§ **EXERCISE AIM**: For each line in the data that includes "List", make a copy.

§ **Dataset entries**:
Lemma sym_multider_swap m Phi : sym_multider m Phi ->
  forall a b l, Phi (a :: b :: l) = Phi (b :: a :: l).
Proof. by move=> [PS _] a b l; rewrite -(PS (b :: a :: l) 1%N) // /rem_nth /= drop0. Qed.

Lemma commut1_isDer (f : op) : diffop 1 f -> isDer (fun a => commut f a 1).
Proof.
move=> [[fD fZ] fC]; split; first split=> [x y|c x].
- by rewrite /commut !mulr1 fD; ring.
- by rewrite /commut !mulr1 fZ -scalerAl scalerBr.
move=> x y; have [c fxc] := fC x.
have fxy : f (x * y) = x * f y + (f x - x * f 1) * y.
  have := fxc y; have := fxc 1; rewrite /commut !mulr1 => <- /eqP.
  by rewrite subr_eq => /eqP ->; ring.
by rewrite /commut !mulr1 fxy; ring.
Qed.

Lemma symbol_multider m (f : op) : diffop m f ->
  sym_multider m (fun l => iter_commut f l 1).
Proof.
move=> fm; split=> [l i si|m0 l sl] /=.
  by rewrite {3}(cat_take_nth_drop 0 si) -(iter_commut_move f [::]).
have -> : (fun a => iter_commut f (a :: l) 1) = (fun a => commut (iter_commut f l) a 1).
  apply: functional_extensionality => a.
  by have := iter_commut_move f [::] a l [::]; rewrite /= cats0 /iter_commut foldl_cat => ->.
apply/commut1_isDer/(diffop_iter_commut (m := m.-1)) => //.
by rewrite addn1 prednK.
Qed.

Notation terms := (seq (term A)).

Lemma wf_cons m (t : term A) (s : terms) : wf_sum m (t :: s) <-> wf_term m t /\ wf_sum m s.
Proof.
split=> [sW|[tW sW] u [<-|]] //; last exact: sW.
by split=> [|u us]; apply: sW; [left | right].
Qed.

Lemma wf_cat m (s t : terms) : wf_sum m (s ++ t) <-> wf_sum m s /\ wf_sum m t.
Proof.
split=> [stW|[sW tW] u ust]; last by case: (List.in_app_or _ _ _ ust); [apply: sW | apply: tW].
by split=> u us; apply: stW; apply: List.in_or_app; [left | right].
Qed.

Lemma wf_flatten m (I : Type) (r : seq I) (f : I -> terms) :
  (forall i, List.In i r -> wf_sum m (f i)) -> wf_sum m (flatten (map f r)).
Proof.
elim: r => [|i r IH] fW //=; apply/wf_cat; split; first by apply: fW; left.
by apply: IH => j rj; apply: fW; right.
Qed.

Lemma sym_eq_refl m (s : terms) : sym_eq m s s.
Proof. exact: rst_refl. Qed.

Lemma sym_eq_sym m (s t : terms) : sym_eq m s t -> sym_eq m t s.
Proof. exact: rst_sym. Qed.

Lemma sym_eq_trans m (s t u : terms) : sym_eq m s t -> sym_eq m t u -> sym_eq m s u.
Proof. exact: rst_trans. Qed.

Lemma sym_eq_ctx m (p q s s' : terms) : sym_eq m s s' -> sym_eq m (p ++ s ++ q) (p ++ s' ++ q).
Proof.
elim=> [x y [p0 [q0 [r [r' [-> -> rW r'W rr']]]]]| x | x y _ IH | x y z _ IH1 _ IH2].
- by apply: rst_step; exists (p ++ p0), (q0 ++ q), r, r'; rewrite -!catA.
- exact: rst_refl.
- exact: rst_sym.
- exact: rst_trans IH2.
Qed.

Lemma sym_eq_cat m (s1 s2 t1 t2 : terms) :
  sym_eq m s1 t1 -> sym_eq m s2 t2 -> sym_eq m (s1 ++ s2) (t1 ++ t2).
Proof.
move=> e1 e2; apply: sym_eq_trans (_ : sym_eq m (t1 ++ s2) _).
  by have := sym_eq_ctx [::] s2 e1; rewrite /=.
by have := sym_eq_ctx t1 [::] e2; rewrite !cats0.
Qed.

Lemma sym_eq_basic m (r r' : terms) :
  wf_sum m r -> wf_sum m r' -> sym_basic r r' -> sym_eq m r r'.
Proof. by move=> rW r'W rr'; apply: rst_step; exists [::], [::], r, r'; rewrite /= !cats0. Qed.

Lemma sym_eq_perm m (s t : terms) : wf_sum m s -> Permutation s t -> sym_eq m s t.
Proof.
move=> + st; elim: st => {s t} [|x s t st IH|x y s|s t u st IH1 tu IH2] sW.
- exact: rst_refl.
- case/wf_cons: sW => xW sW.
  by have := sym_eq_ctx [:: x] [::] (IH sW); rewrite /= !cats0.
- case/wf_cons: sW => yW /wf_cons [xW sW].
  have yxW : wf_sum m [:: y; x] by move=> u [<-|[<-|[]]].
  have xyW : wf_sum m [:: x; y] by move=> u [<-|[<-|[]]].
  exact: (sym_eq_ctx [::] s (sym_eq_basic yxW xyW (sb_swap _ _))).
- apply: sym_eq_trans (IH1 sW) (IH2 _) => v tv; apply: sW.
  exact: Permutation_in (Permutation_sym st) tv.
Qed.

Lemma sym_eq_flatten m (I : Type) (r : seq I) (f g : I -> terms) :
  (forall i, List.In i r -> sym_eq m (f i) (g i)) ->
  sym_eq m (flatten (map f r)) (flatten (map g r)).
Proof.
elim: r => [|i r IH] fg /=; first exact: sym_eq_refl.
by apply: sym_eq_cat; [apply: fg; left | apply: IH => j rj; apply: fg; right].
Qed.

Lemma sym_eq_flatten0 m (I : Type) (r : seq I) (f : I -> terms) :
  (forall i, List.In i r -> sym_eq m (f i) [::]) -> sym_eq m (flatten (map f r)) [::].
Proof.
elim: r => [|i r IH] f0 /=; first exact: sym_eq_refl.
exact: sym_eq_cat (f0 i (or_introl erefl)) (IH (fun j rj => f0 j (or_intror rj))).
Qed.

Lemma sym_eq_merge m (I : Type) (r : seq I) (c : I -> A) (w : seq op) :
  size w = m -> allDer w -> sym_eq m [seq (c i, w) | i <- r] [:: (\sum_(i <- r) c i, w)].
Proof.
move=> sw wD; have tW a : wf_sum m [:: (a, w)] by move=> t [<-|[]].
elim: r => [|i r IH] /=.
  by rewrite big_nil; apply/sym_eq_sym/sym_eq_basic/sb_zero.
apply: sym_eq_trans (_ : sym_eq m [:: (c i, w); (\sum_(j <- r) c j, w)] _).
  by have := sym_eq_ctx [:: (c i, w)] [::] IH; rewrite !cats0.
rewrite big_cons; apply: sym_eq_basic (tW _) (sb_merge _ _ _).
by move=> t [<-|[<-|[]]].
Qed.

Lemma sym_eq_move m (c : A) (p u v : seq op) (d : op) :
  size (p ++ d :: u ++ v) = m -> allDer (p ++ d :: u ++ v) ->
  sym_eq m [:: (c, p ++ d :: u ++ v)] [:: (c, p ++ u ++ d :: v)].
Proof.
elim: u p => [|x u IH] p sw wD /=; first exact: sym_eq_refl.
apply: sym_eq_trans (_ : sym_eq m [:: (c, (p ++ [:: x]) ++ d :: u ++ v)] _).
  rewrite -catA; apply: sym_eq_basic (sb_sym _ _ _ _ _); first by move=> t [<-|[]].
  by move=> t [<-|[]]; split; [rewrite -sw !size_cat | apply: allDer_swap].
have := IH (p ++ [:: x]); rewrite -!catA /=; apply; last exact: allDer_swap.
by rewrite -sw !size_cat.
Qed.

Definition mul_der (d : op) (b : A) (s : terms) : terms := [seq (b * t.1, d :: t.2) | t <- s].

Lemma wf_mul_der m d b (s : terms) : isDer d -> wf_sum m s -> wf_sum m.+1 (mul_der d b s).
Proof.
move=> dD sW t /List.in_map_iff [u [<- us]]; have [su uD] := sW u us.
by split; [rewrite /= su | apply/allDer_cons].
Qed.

§ **RESPONSE BELOW**:
split=> [stW|[sW tW] u ust]; last by case: (List.in_app_or _ _ _ ust); [apply: sW | apply: tW].
by split=> u us; apply: stW; apply: List.in_or_app; [left | right].
  (forall i, List.In i r -> wf_sum m (f i)) -> wf_sum m (flatten (map f r)).
  (forall i, List.In i r -> sym_eq m (f i) (g i)) ->
  (forall i, List.In i r -> sym_eq m (f i) [::]) -> sym_eq m (flatten (map f r)) [::].
move=> dD sW t /List.in_map_iff [u [<- us]]; have [su uD] := sW u us.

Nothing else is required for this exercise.